Ela que já foi a capital do Fórum Social Mundial, referência mundial para o Orçamento Participativo, onde a população decidia o destino dos investimentos para a cidade, hoje é uma cidade que se tornou desumana, sem política para Habitação Popular, que no meio de uma pandemia não apresenta uma solução para mais de três mil pessoas vivendo nas ruas, sem política de mobilidade urbana, com trânsito caótico. Para completar, o prefeito Sebastião Melo (MDB) ainda quer vender um patrimônio da cidade,a Companhia Carris Porto Alegrense. A capital dos gaúchos no dia 26 de março de 2022, chegará a 250 anos.

 

O Jornal Brasil Popular abre a partir desta semana a cobertura especial sobre o aniversário da cidade. Teremos matérias, artigos contando um pouco daquela que é conhecida por ser a Porto dos Casais quando da criação da Freguesia de São Francisco do Porto dos Casais.
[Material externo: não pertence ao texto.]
(* Let $D$ be a Krull domain. Then the set $\mathrm{Princ}(D)$ of principal ideals of $D$ is proconstructible in $\mathcal I(D)$.
   Context: $\mathcal I(D)$ is the set of ideals of $D$ with the Zariski topology having basis of open sets $\mathcal B(x_1,\ldots,x_n):=\{I\in\mathcal I(D)\mid x_1,\ldots,x_n\in I\}$; it is a spectral space. The constructible topology is the coarsest topology in which all open quasi-compact subsets are clopen; proconstructible means closed in the constructible topology. *)

From HB Require Import structures.
From mathcomp Require Import all_boot all_order all_algebra fraction.
From mathcomp Require Import boolp classical_sets cardinality.
Set Implicit Arguments. Unset Strict Implicit. Unset Printing Implicit Defensive.
Import Order.TTheory GRing.Theory Num.Theory.
Local Open Scope ring_scope.
Local Open Scope classical_set_scope.

(* A (normalized, rank-one) discrete valuation on a field K, given by its
   values on K^x : v (x*y) = v x + v y, v (x+y) >= min (v x) (v y),
   and v : K^x -> Z surjective. Its valuation ring is {0} u {x | v x >= 0}. *)
Definition discrete_valuation (K : fieldType) (v : K -> int) : Prop :=
  [/\ (forall x y : K, x != 0 -> y != 0 -> v (x * y) = v x + v y),
      (forall x y : K, x != 0 -> y != 0 -> x + y != 0 ->
          Order.min (v x) (v y) <= v (x + y)) &
      (forall n : int, exists x : K, x != 0 /\ v x = n)].

(* D is a Krull domain: there is a family (V_i) of DVRs of the quotient field
   K of D with D = \bigcap_i V_i and with finite character (each nonzero
   element of D is a nonunit in only finitely many V_i). *)
Definition krull_domain (D : idomainType) : Prop :=
  exists (I : Type) (v : I -> {fraction D} -> int),
    [/\ (forall i, discrete_valuation (v i)),
        (forall x : {fraction D},
           (exists d : D, x = FracField.tofrac d) <->
           (forall i, x = 0 \/ 0 <= v i x)) &
        (forall d : D, d != 0 ->
           finite_set [set i | v i (FracField.tofrac d) != 0])].

Definition is_ideal (D : comNzRingType) (I : set D) : Prop :=
  [/\ I 0, (forall x y, I x -> I y -> I (x + y)) &
      (forall r x, I x -> I (r * x))].

Definition ideals (D : comNzRingType) : set (set D) := [set I | is_ideal I].
Arguments ideals D : clear implicits.

Definition zbasic (D : comNzRingType) (xs : seq D) : set (set D) :=
  [set I | is_ideal I /\ (forall x, x \in xs -> I x)].

Definition zariski_open (D : comNzRingType) (U : set (set D)) : Prop :=
  U `<=` ideals D /\
  forall I, U I -> exists xs : seq D, zbasic xs I /\ zbasic xs `<=` U.

Definition zariski_quasicompact (D : comNzRingType) (U : set (set D)) : Prop :=
  U `<=` ideals D /\
  forall F : set (set (set D)), (forall W, F W -> zariski_open W) ->
    U `<=` \bigcup_(W in F) W ->
    exists G : set (set (set D)),
      [/\ G `<=` F, finite_set G & U `<=` \bigcup_(W in G) W].

Definition is_topology (T : Type) (X : set T) (Op : set (set T)) : Prop :=
  [/\ (forall W, Op W -> W `<=` X), Op X,
      (forall A B, Op A -> Op B -> Op (A `&` B)) &
      (forall F : set (set T), F `<=` Op -> Op (\bigcup_(W in F) W))].

(* open sets of the constructible topology on I(D): the coarsest topology
   on I(D) in which every Zariski open quasi-compact subset is clopen *)
Definition constructible_open (D : comNzRingType) (W : set (set D)) : Prop :=
  forall Op : set (set (set D)), is_topology (ideals D) Op ->
    (forall U, zariski_open U -> zariski_quasicompact U ->
       Op U /\ Op (ideals D `\` U)) ->
    Op W.

Definition proconstructible (D : comNzRingType) (Y : set (set D)) : Prop :=
  Y `<=` ideals D /\ constructible_open (ideals D `\` Y).

Definition principal_ideals (D : comNzRingType) : set (set D) :=
  [set I | exists a : D, I = [set a * r | r in [set: D]]].
Arguments principal_ideals D : clear implicits.

From mathcomp Require Import all_boot all_order all_algebra fraction.
From mathcomp Require Import finmap boolp classical_sets cardinality.
From mathcomp Require Import zify.
Set Implicit Arguments. Unset Strict Implicit. Unset Printing Implicit Defensive.
Import Order.TTheory GRing.Theory Num.Theory.
Local Open Scope ring_scope.
Local Open Scope classical_set_scope.

Local Notation "x %:F" := (FracField.tofrac x).

(* Every non-principal ideal J has a constructible neighbourhood consisting of
   non-principal ideals. Pick f != 0 in J. The valuations of a divisor a of f
   lie between 0 and those of f, so they vanish off the finite support of f;
   as they determine aD, only finitely many principal ideals contain f. J
   differs from each of them, by an element x of J outside it or an element y
   inside it but outside J. The ideals containing f and all such x and
   avoiding all such y form a constructible neighbourhood of J, and none of
   them is among those principal ideals, so none is principal. *)

Lemma finite_image_factor (T U V : Type) (A : set T) (phi : T -> U) (g : T -> V) :
  finite_set (phi @` A) ->
  (forall a b, A a -> A b -> phi a = phi b -> g a = g b) ->
  finite_set (g @` A).
Proof.
elim/Pchoice: T => T in A phi g *.
move=> finA gphi; have [->|/set0P[a0 _]] := eqVneq A set0.
  by rewrite image_set0.
pose pick u := xget a0 (A `&` phi @^-1` [set u]).
apply: (sub_finite_set _ (finite_image (g \o pick) finA)) => _ [a Aa <-].
have [Ab /= phiba] : (A `&` phi @^-1` [set phi a]) (pick (phi a)).
  by apply: xgetPex; exists a.
by exists (phi a); [exists a | rewrite /= (gphi _ _ Ab Aa)].
Qed.

Lemma set_neq_witness (T : Type) (J K : set T) : K <> J ->
  (exists2 x, J x & ~ K x) \/ (exists2 y, K y & ~ J y).
Proof.
move=> neqKJ; have [JK|/existsNP[x /not_implyP[Jx Kx]]] := pselect (J `<=` K).
  have [KJ|/existsNP[y /not_implyP[Ky Jy]]] := pselect (K `<=` J).
    by case: neqKJ; apply/seteqP; split.
  by right; exists y.
by left; exists x.
Qed.

Lemma separating_elements (T : eqType) (J : set T) (s : seq (set T)) :
  (forall K, K \in s -> K <> J) ->
  exists xs ys : seq T,
    [/\ (forall x, x \in xs -> J x), (forall y, y \in ys -> ~ J y) &
        forall K, K \in s ->
          (exists2 x, x \in xs & ~ K x) \/ (exists2 y, y \in ys & K y)].
Proof.
elim: s => [|K s IH] neqJ; first by exists [::], [::].
have /IH[xs [ys [Jxs Jys sep]]] : forall K', K' \in s -> K' <> J.
  by move=> K' K's; apply: neqJ; rewrite inE K's orbT.
have [[x Jx Kx]|[y Ky Jy]] := set_neq_witness (neqJ K (mem_head _ _)).
  exists (x :: xs), ys; split=> // [x'|K']; first by rewrite inE => /predU1P[->|/Jxs].
  rewrite inE => /predU1P[->|/sep[[x' x'xs Kx']|]]; [| |by right].
    by left; exists x => //; exact: mem_head.
  by left; exists x' => //; rewrite inE x'xs orbT.
exists xs, (y :: ys); split=> // [y'|K']; first by rewrite inE => /predU1P[->|/Jys].
rewrite inE => /predU1P[->|/sep[|[y' y'ys Ky']]]; [|by left|].
  by right; exists y => //; exact: mem_head.
by right; exists y' => //; rewrite inE y'ys orbT.
Qed.

Section Ideals.
Variable R : comNzRingType.
Implicit Types (a b : R) (xs ys : seq R) (J : set R).

Definition pideal a : set R := [set a * r | r in [set: R]].

Lemma pideal_is_ideal a : is_ideal (pideal a).
Proof.
split; first by exists 0; rewrite ?mulr0.
- by move=> _ _ [r _ <-] [t _ <-]; exists (r + t); rewrite ?mulrDr.
- by move=> r _ [t _ <-]; exists (r * t); rewrite // mulrCA.
Qed.

Lemma principal_ideals_sub_ideals : principal_ideals R `<=` ideals R.
Proof. by move=> _ [a ->]; apply: pideal_is_ideal. Qed.

Lemma pideal_sub a b : pideal b a -> pideal a `<=` pideal b.
Proof. by move=> [u _ <-] _ [r _ <-]; exists (u * r); rewrite ?mulrA. Qed.

Lemma ideal_nonzero J : is_ideal J -> J <> pideal 0 -> exists2 f, J f & f != 0.
Proof.
move=> [J0 _ _] J_neq0; apply: contrapT => /forall2NP J_eq0; apply: J_neq0.
apply/seteqP; split=> [x Jx|_ [r _ <-]]; last by rewrite mul0r.
by exists 0; rewrite // mul0r; have [//|/negP/negPn/eqP->] := J_eq0 x.
Qed.

Definition ideal_span xs : set R :=
  [set x | forall J, is_ideal J -> (forall y, y \in xs -> J y) -> J x].

Lemma zbasic_ideal_span xs : zbasic xs (ideal_span xs).
Proof.
split; last by move=> x xxs J _; apply.
split=> [J [] //|x y Sx Sy J idJ Jxs|r x Sx J idJ Jxs]; case: (idJ) => _ JD JM.
- by apply: JD; [apply: Sx | apply: Sy].
- by apply: JM; apply: Sx.
Qed.

Lemma zbasic_open xs : zariski_open (zbasic xs).
Proof. split=> [J [idJ _] // | J xsJ]; exists xs; split=> //. Qed.

Lemma zbasic_quasicompact xs : zariski_quasicompact (zbasic xs).
Proof.
split=> [J []//|F Fopen cover].
have [W FW WS] := cover _ (zbasic_ideal_span xs).
have [ys [[_ Sys] ysW]] := (Fopen W FW).2 _ WS.
exists [set W]; split; [by move=> _ -> | exact: finite_set1 |].
move=> J [idJ Jxs]; exists W => //; apply: ysW; split=> // y /Sys; exact.
Qed.

Definition zpatch xs ys : set (set R) :=
  [set J | zbasic xs J /\ forall y, y \in ys -> ~ J y].

Lemma zpatch_constructible_open xs ys : constructible_open (zpatch xs ys).
Proof.
move=> Op [_ _ OpI _] Oqc; elim: ys => [|y ys IH].
  suff -> : zpatch xs [::] = zbasic xs.
    exact: (Oqc _ (zbasic_open _) (zbasic_quasicompact _)).1.
  by apply/seteqP; split=> J [].
suff -> : zpatch xs (y :: ys) = zpatch xs ys `&` (ideals R `\` zbasic [:: y]).
  by apply: OpI => //; exact: (Oqc _ (zbasic_open _) (zbasic_quasicompact _)).2.
apply/seteqP; split=> J.
- move=> [[idJ Jxs] Jys]; split.
    by split=> // y' y'ys; apply: Jys; rewrite inE y'ys orbT.
  by split=> // -[_ Jy]; apply: (Jys y (mem_head _ _)); apply: Jy; rewrite inE.
- move=> [[[idJ Jxs] Jys] [_ Jy]]; split=> // y'; rewrite inE => /predU1P[-> Jy'|]; last exact: Jys.
  by apply: Jy; split=> // z; rewrite inE => /eqP->.
Qed.

Lemma constructible_open_local (W : set (set R)) :
  (forall J, W J -> exists U, [/\ constructible_open U, U J & U `<=` W]) ->
  constructible_open W.
Proof.
move=> Wloc Op topOp Oqc; case: (topOp) => _ _ _ OpU.
suff -> : W = \bigcup_(U in [set U | constructible_open U /\ U `<=` W]) U.
  by apply: OpU => U [cU _]; exact: cU topOp Oqc.
apply/seteqP; split=> [J /Wloc[U [cU UJ UW]]|J [U [_ UW] /UW]] //.
by exists U.
Qed.

End Ideals.

Section KrullValuations.
Variables (D : idomainType) (I : Type) (v : I -> {fraction D} -> int).
Hypothesis v_discrete : forall i, discrete_valuation (v i).
Hypothesis v_integral : forall x : {fraction D},
  (exists d : D, x = d%:F) <-> (forall i, x = 0 \/ 0 <= v i x).

Lemma valuation_tofrac_ge0 i (d : D) : d != 0 -> 0 <= v i d%:F.
Proof.
move=> d0; have [/eqP|//] := (v_integral d%:F).1 (ex_intro _ d erefl) i.
by rewrite tofrac_eq0 (negPf d0).
Qed.

Lemma valuation_tofracM i (a b : D) :
  a != 0 -> b != 0 -> v i (a * b)%:F = v i a%:F + v i b%:F.
Proof. by move=> a0 b0; have [vM _ _] := v_discrete i; rewrite tofracM vM ?tofrac_eq0. Qed.

Lemma valuation_le_pideal (a b : D) :
  b != 0 -> (forall i, v i b%:F <= v i a%:F) -> pideal b a.
Proof.
move=> b0 le_ba; have [->|a0] := eqVneq a 0; first by exists 0; rewrite ?mulr0.
have [bF0 aF0] : b%:F != 0 /\ a%:F != 0 by rewrite !tofrac_eq0.
have [u uE] : exists u : D, a%:F / b%:F = u%:F.
  apply/v_integral => i; right; have [vM _ _] := v_discrete i.
  have := vM _ _ bF0 (mulf_neq0 aF0 (invr_neq0 bF0)).
  by rewrite mulrCA mulfV // mulr1 -(lerDl (v i b%:F)) => <-.
by exists u => //; apply/eqP; rewrite -tofrac_eq tofracM -uE mulrCA mulfV // mulr1.
Qed.

Lemma pideal_eq_valuation (a b : D) : a != 0 -> b != 0 ->
  (forall i, v i a%:F = v i b%:F) -> pideal a = pideal b.
Proof.
move=> a0 b0 vab; apply/seteqP; split; apply: pideal_sub;
  by apply: valuation_le_pideal => // i; rewrite vab.
Qed.

Lemma pideal_divisor_neq0 (a f : D) : f != 0 -> pideal a f -> a != 0.
Proof. by move=> f0 [r _ arf]; apply: contra_neq f0 => a0; rewrite -arf a0 mul0r. Qed.

Lemma valuation_divisor_bounds i (a f : D) :
  f != 0 -> pideal a f -> 0 <= v i a%:F <= v i f%:F.
Proof.
move=> f0 af; have a0 := pideal_divisor_neq0 f0 af; case: af => r _ arf.
have r0 : r != 0 by apply: contra_neq f0 => r0; rewrite -arf r0 mulr0.
rewrite -arf valuation_tofracM // valuation_tofrac_ge0 //=.
by have := valuation_tofrac_ge0 i r0; lia.
Qed.

Lemma finite_principal_overideals (f : D) : f != 0 ->
  finite_set [set i | v i f%:F != 0] ->
  finite_set [set J | principal_ideals D J /\ J f].
Proof.
move=> f0 /(@finite_fsetP {classic I})[X XE].
pose N := (\max_(x : X) absz (v (val x) f%:F))%N.
(* Off X the valuations of divisors of f vanish, and on X they lie in [0, N],
   where inord is injective. *)
pose profile (a : D) : {ffun X -> 'I_N.+1} :=
  [ffun x : X => inord (absz (v (val x) a%:F)) : 'I_N.+1].
have -> : [set J | principal_ideals D J /\ J f] =
          [set pideal a | a in [set a | pideal a f]].
  by apply/seteqP; split=> [J [[a ->] Jf]|_ [a af <-]]; [exists a | split; [exists a|]].
apply: (@finite_image_factor _ _ _ _ profile) => // a b af bf /ffunP profile_ab.
apply: pideal_eq_valuation => [||i]; [exact: pideal_divisor_neq0 af|exact: pideal_divisor_neq0 bf|].
have /andP[a_ge0 a_le] := valuation_divisor_bounds i f0 af.
have /andP[b_ge0 b_le] := valuation_divisor_bounds i f0 bf.
have [vf0|vf0] := eqVneq (v i f%:F) 0; first by lia.
have iX : [set` X] i by rewrite -XE.
have fN : (absz (v i f%:F) <= N)%N := leq_bigmax (FSetSub iX).
by move: (profile_ab (FSetSub iX)) => /(congr1 val); rewrite !ffunE /= !inordK; lia.
Qed.

End KrullValuations.

Lemma krull_finite_principal_overideals (D : idomainType) : krull_domain D ->
  forall f : D, f != 0 -> finite_set [set J | principal_ideals D J /\ J f].
Proof.
move=> [I [v [v_discrete v_integral v_finite]]] f f0.
exact: finite_principal_overideals v_discrete v_integral f f0 (v_finite f f0).
Qed.

Theorem theorem5p11 (D : idomainType) :
  krull_domain D -> proconstructible (principal_ideals D).
Proof.
move=> krullD; split; first exact: principal_ideals_sub_ideals.
apply: constructible_open_local => J [idJ nprJ].
have [f Jf f0] : exists2 f, J f & f != 0.
  by apply: ideal_nonzero => // J0; apply: nprJ; exists 0.
have /finite_seqP[s sE] := krull_finite_principal_overideals krullD f0.
have [|xs [ys [Jxs Jys sep]]] := @separating_elements _ J s.
  move=> K Ks KJ; have [prK _] : [set J | principal_ideals D J /\ J f] K by rewrite sE.
  by apply: nprJ; rewrite -KJ.
exists (zpatch (f :: xs) ys); split; first exact: zpatch_constructible_open.
  by split=> //; split=> // x; rewrite inE => /predU1P[->|/Jxs].
move=> K [[idK Kfxs] Kys]; split=> // prK.
have /sep[[x xxs Kx]|[y yys Ky]] : [set` s] K.
  by rewrite -sE; split=> //; apply: Kfxs; exact: mem_head.
  by apply: Kx; apply: Kfxs; rewrite inE xxs orbT.
exact: Kys yys Ky.
Qed.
Um ano depois, alterada para a Nossa Senhora da Madre de Deus de Porto Alegre, com seu povoamento começado em 1752, com a chegada de 60 casais açorianos. Isso é o que consta na história oficial, segundo o site da Prefeitura de Porto Alegre.

 

Porém o JBP quer contar a formação de Porto Alegre com indígenas, negros e marcada por muita segregação.

 

A cidade de Porto Alegre completará 250 anos em 26 de março de 2022. Apesar das reiteradas referências aos açorianos, 20 anos antes se instalara aqui no Morro Santana o sesmeiro Jerônimo de Ornelas, vindo da Ilha da Madeira, tendo em volta de si mais ou menos a mesma população que era aquela dos Açores.

 

Porto Alegre é, na verdade, mais negra que a açoriana. Um terço de sua população eraformada por negros em 1780, muitos eram escravos e sendo responsáveis pelos serviços braçais mais pesados. Lavar roupas no Riachinho (atual Arroio Dilúvio) ali próximo onde fica o atual Gasômetro era feito por mulheres que subiam a atual General João Manoel com suas trouxas de roupas na cabeça. Assim, ficou conhecido como Morro da Formiga.Naqueles tempos este curso de água chegava até este local, por isso a Ponte de Pedra onde ele cruzava.

 

Os açorianos que deveriam ir colonizar as Missões ficaram aqui esperando por 20 anos jogados à própria sorte, recebendo terras aqui só em 1772.

 

O mito açoriano como o apagamento da presença marcante dos negros será exposto, e a verdade será contada aqui.

 

Este é o compromisso do Jornal Brasil Popular.